(* For every $n$, the $(\wedge,\to)$-homomorphism $h:F_{\wedge,\to}(n)\to\mathcal U(U(n)_{\wedge,\to})$ extending $p_i\mapsto\{x\in U(n)_{\wedge,\to}: x\models p_i\}$ is injective. In particular, $F_{\wedge,\to}(n)$ is finite, and therefore the variety of implicative meet-semilattices is locally finite.
   Context: An implicative meet-semilattice is $(A,\wedge,\to)$ with $(A,\wedge)$ a meet-semilattice and $a\wedge b\le c\iff a\le b\to c$. $F_{\wedge,\to}(n)$ is the free implicative meet-semilattice on $p_1,\dots,p_n$, equivalently the $(\wedge,\to)$-formulas in $p_1,\dots,p_n$ modulo IPC-equivalence. $\mathcal U(X)$ is the Heyting algebra of up-sets of a poset $X$. Models are posets with an order-preserving colouring $c:M\to\{0,1\}^n$ and intuitionistic Kripke semantics ($x\models p_i$ iff $c(x)_i=1$). A point $x$ is separated if for some variable $q$, $x\not\models q$ but all $y>x$ satisfy $q$; $M^s$ denotes the separated points with restricted order and colouring. $U(n)$ is the $n$-universal model: the generated submodel of the canonical model of IPC on $p_1,\dots,p_n$ (prime filters of the free Heyting algebra ordered by inclusion, $c(x)_i=1$ iff $p_i\in x$) consisting of points with finite up-set. For every model of finite depth there is a unique p-morphism (order- and colour-preserving map with the back condition) into $U(n)$; $U(n)^s$ has finite depth, and $U(n)_{\wedge,\to}$ denotes the image of the unique p-morphism $U(n)^s\to U(n)$, a generated submodel of $U(n)$. *)

From Stdlib Require Import List Arith.
Import ListNotations.

(** * Intuitionistic propositional formulas; variable p_(i+1) is [Var i]. *)
Inductive form : Type :=
| Var (i : nat)
| Bot
| And (a b : form)
| Or (a b : form)
| Imp (a b : form).

Definition Top : form := Imp Bot Bot.

Fixpoint in_lang (n : nat) (a : form) : Prop :=
  match a with
  | Var i => i < n
  | Bot => True
  | And a b | Or a b | Imp a b => in_lang n a /\ in_lang n b
  end.

Inductive nd : list form -> form -> Prop :=
| nd_ax G a : In a G -> nd G a
| nd_botE G a : nd G Bot -> nd G a
| nd_andI G a b : nd G a -> nd G b -> nd G (And a b)
| nd_andE1 G a b : nd G (And a b) -> nd G a
| nd_andE2 G a b : nd G (And a b) -> nd G b
| nd_orI1 G a b : nd G a -> nd G (Or a b)
| nd_orI2 G a b : nd G b -> nd G (Or a b)
| nd_orE G a b c : nd G (Or a b) -> nd (a :: G) c -> nd (b :: G) c -> nd G c
| nd_impI G a b : nd (a :: G) b -> nd G (Imp a b)
| nd_impE G a b : nd G (Imp a b) -> nd G a -> nd G b.

Definition ipc_equiv (a b : form) : Prop := nd [] (Imp a b) /\ nd [] (Imp b a).

Inductive imf : Type :=
| IVar (i : nat)
| IAnd (a b : imf)
| IImp (a b : imf).

Fixpoint emb (a : imf) : form :=
  match a with
  | IVar i => Var i
  | IAnd a b => And (emb a) (emb b)
  | IImp a b => Imp (emb a) (emb b)
  end.

Fixpoint imf_lang (n : nat) (a : imf) : Prop :=
  match a with
  | IVar i => i < n
  | IAnd a b | IImp a b => imf_lang n a /\ imf_lang n b
  end.

(** A point is a prime filter of the free Heyting algebra on n generators
    (the Lindenbaum algebra of n-formulas), represented as the set of
    n-formulas whose classes belong to it. Points are ordered by inclusion;
    equality of points is extensional equality of sets. *)
Definition fset := form -> Prop.
Definition subset (x y : fset) : Prop := forall a, x a -> y a.

Definition prime_filter (n : nat) (x : fset) : Prop :=
  (forall a, x a -> in_lang n a) /\
  x Top /\
  (forall a b, x a -> in_lang n b -> nd [] (Imp a b) -> x b) /\
  (forall a b, x a -> x b -> x (And a b)) /\
  ~ x Bot /\
  (forall a b, x (Or a b) -> x a \/ x b).

Definition finite_upset (n : nat) (x : fset) : Prop :=
  exists l : list fset, forall y, prime_filter n y -> subset x y ->
    exists z, In z l /\ subset y z /\ subset z y.

(** points of the n-universal model U(n); colouring: x |= p_(i+1) iff Var i \in x *)
Definition Upt (n : nat) (x : fset) : Prop := prime_filter n x /\ finite_upset n x.

Definition separated (n : nat) (x : fset) : Prop :=
  Upt n x /\
  exists i, i < n /\ ~ x (Var i) /\
    forall y, Upt n y -> subset x y -> ~ subset y x -> y (Var i).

▬▬▬▬▬▬

Copy out the lines of the records above in which the string "exists" appears.

  exists l : list fset, forall y, prime_filter n y -> subset x y ->
    exists z, In z l /\ subset y z /\ subset z y.
  exists i, i < n /\ ~ x (Var i) /\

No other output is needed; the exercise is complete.